How Does the Stock Market Exchange Work?

How Does the Stock Market Exchange Work?

STOCK MARKET

How Does the Stock Market Exchange Work?

A stock market, stock exchange, or bond market is an establishment where shares of stock are sold to the public. The term ‘stock’ refers to a particular entity, such as a company or a government. The word ‘share’ in the stock market denotes a fraction of one percent of a whole corporation’s issued stock. The term ‘market’ applies to any association, in which the prices of securities are negotiated for a known market value at any given time. These may comprise publicly traded securities listed in a stock exchange.

There are different kinds of STocks available in the stock market. It can be divided into financial STocks and non-financial STocks. Financial STocks includes treasury bills and bonds, common stocks issued by publicly traded corporations and mutual funds, etc. Non-financial STocks include stocks not traded on the stock exchanges, i.e.

The stock market has four major categories – Buyers, Sellers, Market makers and Brokers. Buyers are the individuals or establishments buying the securities and selling them to other buyers at a pre-determined price. The seller is also an individual or institution who sells securities for a pre-determined price. The third category of participants is the market maker or broker, who executes the orders of the buyers and ensures that the volume of sale is controlled.

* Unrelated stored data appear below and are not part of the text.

(* Let $(P_t)_{t\in\mathbb{R}_+}$ be a stochastically monotone Feller semigroup on $\mathbb{R}$. For $x\in\mathbb{R}$, $t\ge0$, $u\in[0,1]$ let $F^{[-1]}_{x,t}(u)=\inf\{y\in\mathbb{R}:P_t(x,(-\infty,y])\ge u\}\in\overline{\mathbb{R}}$, and let $F^{[-1]}_{-\infty,t}\equiv-\infty$, $F^{[-1]}_{+\infty,t}\equiv+\infty$. Then: (a) for all $x\in\overline{\mathbb{R}}$ and $t\ge0$, $u\mapsto F^{[-1]}_{x,t}(u)$ is non-decreasing; (b) for all $x\in\mathbb{R}$, $t\ge0$, $u\in(0,1)$, $F^{[-1]}_{x,t}(u)\in\mathbb{R}$; (c) for all $t\ge0$ and $u\in(0,1)$, $x\mapsto F^{[-1]}_{x,t}(u)$ is non-decreasing on $\overline{\mathbb{R}}$; (d) if $U$ is uniform on $[0,1]$, then for all $x\in\overline{\mathbb{R}}$, $t\ge0$, the law of $F^{[-1]}_{x,t}(U)$ is $\tilde{P}_t(x,\cdot)$; (e) for all $t\ge0$ and $x\in\overline{\mathbb{R}}$, for all $u\in[0,1]$ outside an at most countable set, the map $y\mapsto F^{[-1]}_{y,t}(u)$ from $\overline{\mathbb{R}}$ to $\overline{\mathbb{R}}$ is continuous at $x$.
   Context: $\overline{\mathbb{R}}=[-\infty,+\infty]$ with the topology given by the metric $|\tanh y-\tanh x|$. $\tilde{P}_t$ is the kernel on $\overline{\mathbb{R}}$ with $\tilde{P}_t(x,B)=P_t(x,B\cap\mathbb{R})$ for $x\in\mathbb{R}$ and $\tilde{P}_t(\pm\infty,\cdot)=\delta_{\pm\infty}$. Feller semigroup on $\mathbb{R}$: Markov semigroup with $P_tf\in\mathcal{C}_0(\mathbb{R})$ for $f\in\mathcal{C}_0(\mathbb{R})$ and $\sup_x|P_tf-f|\to0$ as $t\to0^+$; stochastically monotone: $P_tf$ non-decreasing for bounded non-decreasing Borel $f$. *)

From HB Require Import structures.
From mathcomp Require Import all_boot all_order all_algebra.
From mathcomp Require Import all_classical all_reals all_analysis measurable_realfun.
Set Implicit Arguments. Unset Strict Implicit. Unset Printing Implicit Defensive.
Import Order.TTheory GRing.Theory Num.Theory.
Import numFieldNormedType.Exports.
Local Open Scope classical_set_scope.
Local Open Scope ring_scope.

Section Defs.
Variable R : realType.

Definition kfamily := R -> R.-pker R ~> R.

Definition Pop (P : kfamily) (t : R) (f : R -> R) : R -> R :=
  fun x => (\int[P t x]_(y in setT) f y)%R.

Definition C0 (f : R -> R) : Prop :=
  continuous f /\ f @ pinfty_nbhs R --> (0 : R) /\ f @ ninfty_nbhs R --> (0 : R).

Definition markov_semigroup (P : kfamily) : Prop :=
  (forall (x : R) (B : set R), measurable B -> P 0 x B = \d_x B) /\
  (forall s t : R, 0 <= s -> 0 <= t -> forall (x : R) (B : set R), measurable B ->
     P (s + t) x B = (\int[P s x]_(y in setT) P t y B)%E).

Definition feller_semigroup (P : kfamily) : Prop :=
  markov_semigroup P /\
  (forall t : R, 0 <= t -> forall f, C0 f -> C0 (Pop P t f)) /\
  (forall f, C0 f -> forall e : R, 0 < e -> exists2 d : R, 0 < d &
     forall t : R, 0 < t < d -> forall x : R, `|Pop P t f x - f x| <= e).

Definition stoch_monotone (P : kfamily) : Prop :=
  forall t : R, 0 <= t -> forall f : R -> R,
    measurable_fun setT f -> (exists M : R, forall x, `|f x| <= M) ->
    {homo f : x y / x <= y} -> {homo Pop P t f : x y / x <= y}.
(* For every $n \in \mathbb{N}$, the $n^\text{th}$ Jones--Wenzl projector $\mathrm{j}_n \in \mathrm{End}_{\mathcal{TL}_0(\Bbbk)}([n])$ is idempotent: $\mathrm{j}_n^{2} = \mathrm{j}_n$.
   Context: Let $\Bbbk$ be a field and let $\mathcal{TL}_0(\Bbbk)$ be the strict $\Bbbk$-linear monoidal category with objects $[0],[1],[2],\ldots$ (where $[m]\otimes[n]=[m+n]$), whose morphisms are generated by $\mathrm{cup}\colon[0]\to[2]$ and $\mathrm{cap}\colon[2]\to[0]$ subject to the relations: the circle $\mathrm{cap}\circ\mathrm{cup}$ equals $\mathrm{id}_{[0]}$, and both zig-zags $(\mathrm{id}_{[1]}\otimes\mathrm{cap})\circ(\mathrm{cup}\otimes\mathrm{id}_{[1]})$ and $(\mathrm{cap}\otimes\mathrm{id}_{[1]})\circ(\mathrm{id}_{[1]}\otimes\mathrm{cup})$ equal $0$ (this is the $q=0$ specialization of the renormalized Temperley--Lieb category in which the zig-zag equals $q\cdot\mathrm{id}_{[1]}$ and the circle equals $(q^2+1)\mathrm{id}_{[0]}$). A subset $I\subseteq\{1,\ldots,n\}$ is called apt if $n\notin I$ and $i\in I$ implies $i-1,i+1\notin I$. For an apt $I$, $\mathrm{cap}_{I,n}$ denotes the cap diagram from $[n]$ consisting of caps joining positions $(i,i+1)$ for $i\in I$ (and through-strands elsewhere), $\mathrm{cup}_{I,n}$ is the corresponding cup diagram obtained by reflecting it, and $c_{I,n}=\mathrm{cup}_{I,n}\circ\mathrm{cap}_{I,n}\in\mathrm{End}_{\mathcal{TL}_0(\Bbbk)}([n])$. The $n^\text{th}$ Jones--Wenzl projector is defined as $\mathrm{j}_n=\sum_{I\subseteq\{1,\ldots,n\}\text{ apt}}(-1)^{|I|}c_{I,n}$. *)

From HB Require Import structures.
From mathcomp Require Import all_boot all_order all_algebra.
Set Implicit Arguments. Unset Strict Implicit. Unset Printing Implicit Defensive.
Import GRing.Theory.
Local Open Scope ring_scope.

(* A strict K-linear monoidal category whose monoid of objects is (nat,+),
   object m standing for [m], equipped with morphisms cup : [0] -> [2] and
   cap : [2] -> [0].  (Data only; axioms below.) *)
Record PRO_ops (K : fieldType) := PROOps {
  hom  : nat -> nat -> lmodType K;
  mcomp : forall a b c, hom b c -> hom a b -> hom a c;
  idm  : forall a, hom a a;
  tens : forall a b c d, hom a b -> hom c d -> hom (a + c) (b + d);
  cup  : hom 0 2;
  cap  : hom 2 0 }.

Arguments mcomp {K} C {a b c} : rename.
Arguments idm {K} C a : rename.
Arguments tens {K} C {a b c d} : rename.
Arguments cup {K} C : rename.
Arguments cap {K} C : rename.

Definition castH (K : fieldType) (C : PRO_ops K) (a b a' b' : nat)
    (ea : a = a') (eb : b = b') (f : hom C a b) : hom C a' b' :=
  match ea in _ = x return hom C x b' with
  | erefl => match eb in _ = y return hom C a y with erefl => f end end.

Record isTL0 (K : fieldType) (C : PRO_ops K) : Prop := IsTL0 {
  compA : forall a b c d (f : hom C c d) (g : hom C b c) (h : hom C a b),
      mcomp C f (mcomp C g h) = mcomp C (mcomp C f g) h;
  comp1f : forall a b (f : hom C a b), mcomp C (idm C b) f = f;
  compf1 : forall a b (f : hom C a b), mcomp C f (idm C a) = f;
  compDl : forall a b c (f f' : hom C b c) (g : hom C a b),
      mcomp C (f + f') g = mcomp C f g + mcomp C f' g;
  compDr : forall a b c (f : hom C b c) (g g' : hom C a b),
      mcomp C f (g + g') = mcomp C f g + mcomp C f g';
  compZl : forall a b c (k : K) (f : hom C b c) (g : hom C a b),
      mcomp C (k *: f) g = k *: mcomp C f g;
  compZr : forall a b c (k : K) (f : hom C b c) (g : hom C a b),
      mcomp C f (k *: g) = k *: mcomp C f g;
  tens_comp : forall a b c a' b' c' (f : hom C b c) (g : hom C a b)
      (f' : hom C b' c') (g' : hom C a' b'),
      tens C (mcomp C f g) (mcomp C f' g') = mcomp C (tens C f f') (tens C g g');
  tens_id : forall a b, tens C (idm C a) (idm C b) = idm C (a + b);
  tensA : forall a b c d e g (f : hom C a b) (f' : hom C c d) (f'' : hom C e g),
      tens C (tens C f f') f'' =
      castH (addnA a c e) (addnA b d g) (tens C f (tens C f' f''));
  tens0f : forall a b (f : hom C a b), tens C (idm C 0) f = f;
  tensf0 : forall a b (f : hom C a b),
      castH (addn0 a) (addn0 b) (tens C f (idm C 0)) = f;
  tensDl : forall a b c d (f f' : hom C a b) (g : hom C c d),
      tens C (f + f') g = tens C f g + tens C f' g;
  tensDr : forall a b c d (f : hom C a b) (g g' : hom C c d),
      tens C f (g + g') = tens C f g + tens C f g';
  tensZl : forall a b c d (k : K) (f : hom C a b) (g : hom C c d),
      tens C (k *: f) g = k *: tens C f g;
  tensZr : forall a b c d (k : K) (f : hom C a b) (g : hom C c d),
      tens C f (k *: g) = k *: tens C f g;
  (* Temperley--Lieb relations at q = 0 *)
  circle : mcomp C (cap C) (cup C) = idm C 0;
  zigzag1 : mcomp C (tens C (idm C 1) (cap C)) (tens C (cup C) (idm C 1)) = 0;
  zigzag2 : mcomp C (tens C (cap C) (idm C 1)) (tens C (idm C 1) (cup C)) = 0 }.

(* Position p (1-based, 1 <= p <= n) belongs to I; element i : 'I_n of I
   encodes position i+1. *)
Definition inI (n : nat) (I : {set 'I_n}) (p : nat) : bool :=
  [exists i in I, i.+1 == p].

Definition apt (n : nat) (I : {set 'I_n}) : bool :=
  [forall i in I, [&& i.+1 != n, ~~ inI I i & ~~ inI I i.+2]].

(* Number of through-strands of the cap diagram cap_{P,n}, where P is the
   (1-based) set of left endpoints of caps. *)
Fixpoint tgtI (n : nat) (P : nat -> bool) : nat :=
  match n with
  | 0 => 0
  | S n' =>
    if P 1 then
      match n' with
      | 0 => 1 (* not reached for apt sets *)
      | S n'' => tgtI n'' (fun p => P (p + 2))
      end
    else (tgtI n' (fun p => P (p + 1))).+1
  end.

Section Diagrams.
Variables (K : fieldType) (C : PRO_ops K).

(* cap_{P,n} : [n] -> [n - 2|P|] : caps joining (p,p+1) for p in P,
   through-strands elsewhere (built left to right). *)
Fixpoint capI (n : nat) (P : nat -> bool) : hom C n (tgtI n P) :=
  match n as n0 return hom C n0 (tgtI n0 P) with
  | 0 => idm C 0
  | S n' =>
    match P 1 as b return
      hom C n'.+1 (if b then match n' with
                             | 0 => 1
                             | S n'' => tgtI n'' (fun p => P (p + 2)) end
                   else (tgtI n' (fun p => P (p + 1))).+1) with
    | true =>
      match n' as n1 return
        hom C n1.+1 (match n1 with
                     | 0 => 1
                     | S n'' => tgtI n'' (fun p => P (p + 2)) end) with
      | 0 => idm C 1
      | S n'' => tens C (cap C) (capI n'' (fun p => P (p + 2)))
      end
    | false => tens C (idm C 1) (capI n' (fun p => P (p + 1)))
    end
  end.

Fixpoint cupI (n : nat) (P : nat -> bool) : hom C (tgtI n P) n :=
  match n as n0 return hom C (tgtI n0 P) n0 with
  | 0 => idm C 0
  | S n' =>
    match P 1 as b return
      hom C (if b then match n' with
                       | 0 => 1
                       | S n'' => tgtI n'' (fun p => P (p + 2)) end
             else (tgtI n' (fun p => P (p + 1))).+1) n'.+1 with
    | true =>
      match n' as n1 return
        hom C (match n1 with
               | 0 => 1
               | S n'' => tgtI n'' (fun p => P (p + 2)) end) n1.+1 with
      | 0 => idm C 1
      | S n'' => tens C (cup C) (cupI n'' (fun p => P (p + 2)))
      end
    | false => tens C (idm C 1) (cupI n' (fun p => P (p + 1)))
    end
  end.

Definition cI (n : nat) (I : {set 'I_n}) : hom C n n :=
  mcomp C (cupI n (inI I)) (capI n (inI I)).

Definition jw (n : nat) : hom C n n :=
  \sum_(I : {set 'I_n} | apt I) ((-1) ^+ #|I|) *: cI I.

End Diagrams.

(* Splitting the apt sets I of {1, ..., n+2} according to whether 1 \in I
   gives the three-term recursion
     j_0 = id, j_1 = id, j_{n+2} = id_1 (x) j_{n+1} - U (x) j_n,  U = cup o cap.
   In TL_0 the circle relation makes U idempotent and the zig-zag relations
   give (U (x) id_1)(id_1 (x) U) = (id_1 (x) U)(U (x) id_1) = 0.  Expanding the
   recursion twice then shows j_{n+2} (U (x) id_n) = 0 and, when j_n is
   idempotent, (U (x) j_n)(id_1 (x) j_{n+1}) = U (x) j_n; idempotency of all
   the j_n follows by induction on n. *)

From Pilot Require Import Defs.
From HB Require Import structures.
From mathcomp Require Import all_boot all_order all_algebra.
From Stdlib Require Import FunctionalExtensionality.
Set Implicit Arguments. Unset Strict Implicit. Unset Printing Implicit Defensive.

Import GRing.Theory.

(* With element i : 'I_n encoding position i+1 (see inI), shiftI J is J + 1
   and capconsI J is {1} \cup (J + 2). *)
Definition shiftI n (J : {set 'I_n}) : {set 'I_n.+1} := lift ord0 @: J.
Definition unshiftI n (I : {set 'I_n.+1}) : {set 'I_n} := [set j | lift ord0 j \in I].
Definition capconsI n (J : {set 'I_n}) : {set 'I_n.+2} := ord0 |: shiftI (shiftI J).
Definition uncapconsI n (I : {set 'I_n.+2}) : {set 'I_n} := unshiftI (unshiftI I).

Lemma mem_shiftI n (J : {set 'I_n}) j : (lift ord0 j \in shiftI J) = (j \in J).
Proof. exact/mem_imset/lift_inj. Qed.

Lemma ord0_shiftI n (J : {set 'I_n}) : ord0 \notin shiftI J.
Proof. by apply/imsetP=> -[j _ /eqP]; rewrite (negbTE (neq_lift _ _)). Qed.

Lemma card_shiftI n (J : {set 'I_n}) : #|shiftI J| = #|J|.
Proof. exact/card_imset/lift_inj. Qed.

Lemma shiftIK n : cancel (@shiftI n) (@unshiftI n).
Proof. by move=> J; apply/setP=> j; rewrite inE mem_shiftI. Qed.
(* Let $(X,d)$ be a metric space, let $k\ge1$, let $p_1,\dots,p_k\in X$, and define $$\mu_P(x,y)=\prod_{i=1}^k\big[d(x,y)+\sqrt{d(x,p_i)d(y,p_i)}\big],\qquad x,y\in X.$$ Then for all $x,y,z\in X$, $$\mu_P(x,y)\leq \Big(\frac{27}{2}\Big)^k\big(\mu_P(x,z)+\mu_P(z,y)\big).$$ Moreover, for all $x,y,z,w\in X$, $$\mu_P(x,y)\mu_P(z,w)\leq 4\Big(\frac{27}{2}\Big)^{2k}\max\{\mu_P(x,z)\mu_P(y,w),\ \mu_P(x,w)\mu_P(y,z)\}.$$ *)

From Stdlib Require Import Reals.
Open Scope R_scope.

Definition is_metric {X : Type} (d : X -> X -> R) : Prop :=
  (forall x y, 0 <= d x y) /\
  (forall x y, d x y = 0 <-> x = y) /\
  (forall x y, d x y = d y x) /\
  (forall x y z, d x z <= d x y + d y z).

Fixpoint prod_1_to (k : nat) (f : nat -> R) : R :=
  match k with
  | O => 1
  | S k' => prod_1_to k' f * f (S k')
  end.

Definition muP {X : Type} (d : X -> X -> R) (k : nat) (p : nat -> X) (x y : X) : R :=
  prod_1_to k (fun i => d x y + sqrt (d x (p i) * d y (p i))).

(** The whole estimate rests on one comparison, made factor by factor: if
    [d(z,x) <= d(z,y)] then [mu_P(x,y) <= 4^k mu_P(z,y)].  For one factor, with
    [a = d(z,y)], [u = d(z,q)], [v = d(y,q)], [t = d(x,q)], the triangle
    inequality gives [d(x,y) <= 2a] and [max(t,v) <= 2a + min(u,v)], while
    [sqrt(t v) <= max(t,v)] and [min(u,v) <= sqrt(u v)].  Any symmetric
    nonnegative function with this comparison property satisfies a quasi-triangle
    inequality (compare with the pair farther from [z]) and a Ptolemy-type
    inequality (move both sides towards the cross pair at minimal distance).
    Since [4 <= 27/2], the stated constants follow. *)

From Stdlib Require Import Reals Lra Psatz.
Open Scope R_scope.

Lemma sqrt_mult_le_Rmax a b : 0 <= a -> 0 <= b -> sqrt (a * b) <= Rmax a b.
Proof.
  intros Ha Hb.
  pose proof (Rmax_l a b); pose proof (Rmax_r a b).
  rewrite <- (sqrt_square (Rmax a b)) by lra.
  apply sqrt_le_1_alt; nra.
Qed.

Lemma Rmin_le_sqrt_mult a b : 0 <= a -> 0 <= b -> Rmin a b <= sqrt (a * b).
Proof.
  intros Ha Hb.
  pose proof (Rmin_l a b); pose proof (Rmin_r a b).
  assert (0 <= Rmin a b) by (apply Rmin_glb; lra).
  rewrite <- (sqrt_square (Rmin a b)) by lra.
  apply sqrt_le_1_alt; nra.
Qed.

Lemma prod_1_to_ge0 k f : (forall i, 0 <= f i) -> 0 <= prod_1_to k f.
Proof.
  intros Hf; induction k as [|k IH]; simpl; [lra|].
  apply Rmult_le_pos; auto.
Qed.

Lemma prod_1_to_ext k f g : (forall i, f i = g i) -> prod_1_to k f = prod_1_to k g.
Proof. intros Hfg; induction k as [|k IH]; simpl; [reflexivity|]. now rewrite IH, Hfg. Qed.

Lemma prod_1_to_le_pow_mult k f g C :
  (forall i, 0 <= f i) -> (forall i, f i <= C * g i) ->
  prod_1_to k f <= C ^ k * prod_1_to k g.
Proof.
  intros Hf Hfg; induction k as [|k IH]; simpl; [lra|].
  replace (C * C ^ k * (prod_1_to k g * g (S k)))
    with ((C ^ k * prod_1_to k g) * (C * g (S k))) by ring.
  apply Rmult_le_compat; auto using prod_1_to_ge0.
Qed.

Section Comparison.

Variables (X : Type) (d m : X -> X -> R) (C : R).
Hypothesis C_ge0 : 0 <= C.
Hypothesis d_sym : forall x y, d x y = d y x.
Hypothesis m_ge0 : forall x y, 0 <= m x y.
Hypothesis m_sym : forall x y, m x y = m y x.
Hypothesis m_le_via : forall x y z, d z x <= d z y -> m x y <= C * m z y.

Lemma m_le_Rmax x y z : m x y <= C * Rmax (m x z) (m z y).
Proof.
  pose proof (Rmax_l (m x z) (m z y)); pose proof (Rmax_r (m x z) (m z y)).
  destruct (Rle_dec (d z x) (d z y)) as [Hx | Hy].
  - pose proof (m_le_via x y z Hx); nra.
  - assert (Hyx : d z y <= d z x) by lra.
    pose proof (m_le_via y x z Hyx).
    rewrite (m_sym y x), (m_sym z x) in *; nra.
Qed.

Lemma m_quasi_triangle x y z : m x y <= C * (m x z + m z y).
Proof.
  eapply Rle_trans; [apply (m_le_Rmax x y z)|].
  apply Rmult_le_compat_l; [exact C_ge0|].
  pose proof (m_ge0 x z); pose proof (m_ge0 z y).
  unfold Rmax; destruct (Rle_dec _ _); lra.
Qed.

Lemma m_mult_le_cross x y z w :
  d x z <= d y z -> d x z <= d x w -> m x y * m z w <= C * C * (m x w * m y z).
Proof.
  intros Hy Hw.
  assert (Hxy : m x y <= C * m z y) by (apply m_le_via; rewrite !(d_sym z); exact Hy).
  assert (Hzw : m z w <= C * m x w) by (apply m_le_via; exact Hw).
  rewrite (m_sym y z).
  replace (C * C * (m x w * m z y)) with ((C * m z y) * (C * m x w)) by ring.
  apply Rmult_le_compat; auto.
Qed.

Lemma m_ptolemy x y z w :
  m x y * m z w <= C * C * Rmax (m x z * m y w) (m x w * m y z).
Proof.
  set (M := Rmax _ _).
  assert (HM1 : m x z * m y w <= M) by apply Rmax_l.
  assert (HM2 : m x w * m y z <= M) by apply Rmax_r.
  assert (HC2 : 0 <= C * C) by nra.
  pose proof (m_mult_le_cross x y z w).
  pose proof (m_mult_le_cross y x z w).
  pose proof (m_mult_le_cross x y w z).
  pose proof (m_mult_le_cross y x w z).
  rewrite (m_sym y x) in *; rewrite (m_sym w z) in *.
  (* A minimal cross distance is minimal in its row and its column. *)
  destruct (Rle_dec (d x z) (d x w)), (Rle_dec (d x z) (d y z)),
    (Rle_dec (d y z) (d y w)), (Rle_dec (d x w) (d y w)); nra.
Qed.

End Comparison.

Section MuP.

Variables (X : Type) (d : X -> X -> R).
Hypothesis Hd : is_metric d.

Let d_ge0 : forall x y, 0 <= d x y := proj1 Hd.
Let d_sym : forall x y, d x y = d y x := proj1 (proj2 (proj2 Hd)).
Let d_triangle : forall x y z, d x z <= d x y + d y z := proj2 (proj2 (proj2 Hd)).

Lemma muP_factor_le_via x y z q : d z x <= d z y ->
  d x y + sqrt (d x q * d y q) <= 4 * (d z y + sqrt (d z q * d y q)).
Proof.
  intros Hzx.
  pose proof (d_ge0 z y); pose proof (d_ge0 z q); pose proof (d_ge0 y q).
  assert (Hxy : d x y <= 2 * d z y)
    by (pose proof (d_triangle x z y); rewrite (d_sym x z) in *; lra).
  assert (Hmax : Rmax (d x q) (d y q) <= 2 * d z y + Rmin (d z q) (d y q)).
  { pose proof (d_triangle x z q); pose proof (d_triangle x y q);
      pose proof (d_triangle y z q).
    rewrite (d_sym x z), (d_sym y z) in *.
    apply Rmax_lub; unfold Rmin; destruct (Rle_dec _ _); lra. }
  pose proof (sqrt_mult_le_Rmax (d x q) (d y q) (d_ge0 x q) (d_ge0 y q)).
  pose proof (Rmin_le_sqrt_mult (d z q) (d y q) (d_ge0 z q) (d_ge0 y q)).
  pose proof (sqrt_pos (d z q * d y q)).
  lra.
Qed.

Lemma muP_ge0 k p x y : 0 <= muP d k p x y.
Proof.
  apply prod_1_to_ge0; intro i.
  pose proof (d_ge0 x y); pose proof (sqrt_pos (d x (p i) * d y (p i))); lra.
Qed.

Lemma muP_sym k p x y : muP d k p x y = muP d k p y x.
Proof.
  apply prod_1_to_ext; intro i.
  now rewrite d_sym, Rmult_comm.
Qed.

Lemma muP_le_via k p x y z : d z x <= d z y -> muP d k p x y <= 4 ^ k * muP d k p z y.
Proof.
  intros Hzx; apply prod_1_to_le_pow_mult.
  - intro i; pose proof (d_ge0 x y); pose proof (sqrt_pos (d x (p i) * d y (p i))); lra.
  - intro i; now apply muP_factor_le_via.
Qed.

End MuP.

Theorem lemma3p5 (X : Type) (d : X -> X -> R) (k : nat) (p : nat -> X) :
  is_metric d -> (1 <= k)%nat ->
  (forall x y z : X,
      muP d k p x y <= (27/2) ^ k * (muP d k p x z + muP d k p z y)) /\
  (forall x y z w : X,
      muP d k p x y * muP d k p z w <=
      4 * (27/2) ^ (2 * k) *
        Rmax (muP d k p x z * muP d k p y w) (muP d k p x w * muP d k p y z)).
Proof.
  intros Hd _.
  set (C := (27/2) ^ k).
  assert (HC : 0 <= C) by (apply pow_le; lra).
  assert (d_sym : forall x y, d x y = d y x) by apply Hd.
  assert (Hvia : forall x y z, d z x <= d z y -> muP d k p x y <= C * muP d k p z y).
  { intros x y z Hzx.
    eapply Rle_trans; [exact (muP_le_via X d Hd k p x y z Hzx)|].
    apply Rmult_le_compat_r; [apply muP_ge0, Hd|].
    apply pow_incr; lra. }
  pose proof (muP_ge0 X d Hd k p) as Hge0.
  pose proof (muP_sym X d Hd k p) as Hsym.
  split.
  - intros x y z; exact (m_quasi_triangle X d _ C HC Hge0 Hsym Hvia x y z).
  - intros x y z w.
    eapply Rle_trans; [exact (m_ptolemy X d _ C d_sym Hge0 Hsym Hvia x y z w)|].
    replace (2 * k)%nat with (k + k)%nat by lia; rewrite pow_add; fold C.
    set (M := Rmax _ _).
    assert (HM : 0 <= M).
    { eapply Rle_trans; [|apply Rmax_l]. apply Rmult_le_pos; apply Hge0. }
    assert (0 <= C * C) by nra.
    nra.
Qed.
(* Let $\lambda \geq 0$, $0 \leq \gamma \leq 1$, $0\leq \beta<1$, $\tau \in \mathbb{C}\setminus\{0\}$, $\delta \in \mathbb{N}_0=\{0,1,2,\dots\}$ and $m \in \mathbb{N}$. Let $f(z)=z+\sum_{k=1}^{\infty} a_{mk+1}z^{mk+1}$ belong to the class $\Theta_{\Sigma_m}(\tau,\lambda,\gamma,\delta;\beta)$. Then $$|a_{m+1}| \leq \min\left\{\frac{2|\tau|(1-\beta)}{(\delta+1)\left(1+m(\lambda+\gamma)+\lambda\gamma\left((m+1)^2+1\right)\right)},\ 2\sqrt{\frac{2|\tau|(1-\beta)}{(\delta+1)(\delta+2)(m+1)\Phi_1(\lambda,\gamma,m)}}\right\}$$ and $$|a_{2m+1}| \leq \frac{4|\tau|(1-\beta)}{(\delta+1)(\delta+2)\left(1+2(\lambda+\gamma)m+\lambda\gamma\left((2m+1)^2+1\right)\right)},$$ where $\Phi_1(\lambda,\gamma,m)=1+2(\lambda+\gamma)m+\lambda\gamma\left((2m+1)^2+1\right)$.
   Context: Let $\mathbb{U}=\{z\in\mathbb{C}:|z|<1\}$ and $m\in\mathbb{N}$. $\mathcal{A}_m$ denotes the class of functions analytic in $\mathbb{U}$ of the form $f(z)=z+\sum_{k=1}^{\infty}a_{mk+1}z^{mk+1}$. $\Sigma_m$ denotes the class of $m$-fold symmetric bi-univalent functions: functions $f\in\mathcal{A}_m$ univalent in $\mathbb{U}$ whose inverse $f^{-1}$ extends to a univalent function $g$ on $\mathbb{U}$; this $g$ has the expansion $g(w)=w-a_{m+1}w^{m+1}+\left[(m+1)a_{m+1}^2-a_{2m+1}\right]w^{2m+1}-\cdots$. For $\delta\in\mathbb{N}_0$ and $h(z)=z+\sum_{k\ge1}c_{mk+1}z^{mk+1}$ analytic in $\mathbb{U}$, the $m$-fold Ruscheweyh derivative is $\mathcal{R}^\delta h(z)=z+\sum_{k=1}^{\infty}\frac{\Gamma(\delta+k+1)}{\Gamma(k+1)\Gamma(\delta+1)}c_{mk+1}z^{mk+1}$. For such $h$ and parameters $\lambda,\gamma,\tau\neq0,\delta$, put $$J_h(z)=1+\frac{1}{\tau}\Big[(1-\lambda)(1-\gamma)\frac{\mathcal{R}^\delta h(z)}{z}+(\lambda(\gamma+1)+\gamma)(\mathcal{R}^\delta h)'(z)+\lambda\gamma\big(z(\mathcal{R}^\delta h)''(z)-2\big)-1\Big].$$ For $0\le\beta<1$, $\Theta_{\Sigma_m}(\tau,\lambda,\gamma,\delta;\beta)$ is the set of $f\in\Sigma_m$ such that $\operatorname{Re}J_f(z)>\beta$ for all $z\in\mathbb{U}$ and $\operatorname{Re}J_g(w)>\beta$ for all $w\in\mathbb{U}$, where $g$ is the extension of $f^{-1}$ to $\mathbb{U}$. *)

From Stdlib Require Import Reals Arith ClassicalEpsilon.
From Coquelicot Require Import Coquelicot.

The main purpose of the buying and selling of shares is to increase the value of the shareholder. This involves the spread between the buyers and sellers of the shares. Usually, when the buyers sell their shares, they have to pay a spread to the sellers.

In the stock markets, there is a bid-ask spread. This is the difference between the buying and selling prices of the same share. The bid-ask spread is a factor that influences the buyers and the sellers. The more the spread, the lower is the price of the share. However, it is quite impossible to predict the bid-ask spread.

The major components of the stock markets include the following: Major Shareholders, Stocks, Minicourses, Dealers, and Participants. These components affect the nature of the transactions in the markets. The major shareholders are the entities or persons involved in the business who participate in the purchasing of shares. The stocks are the actual physical shares in the company. Minicourses refer to the dealers involved in buying and selling the stocks.

The main trading operators in the stock market exchange are the dealers. They buy and sell shares and carry out the transactions between the buyers and the sellers. The participation of the participants is essential for the smooth functioning of the stock market exchanges. The dealers are known as the public companies.

The major participants in the stock exchange are the retail traders i.e. individual investors, institutional traders, and corporate groups. There are many different types of trading. Although trading involves only a small number of trades, it is essential to understand the risks involved in trading before participating in the market. There are also many different types of shares.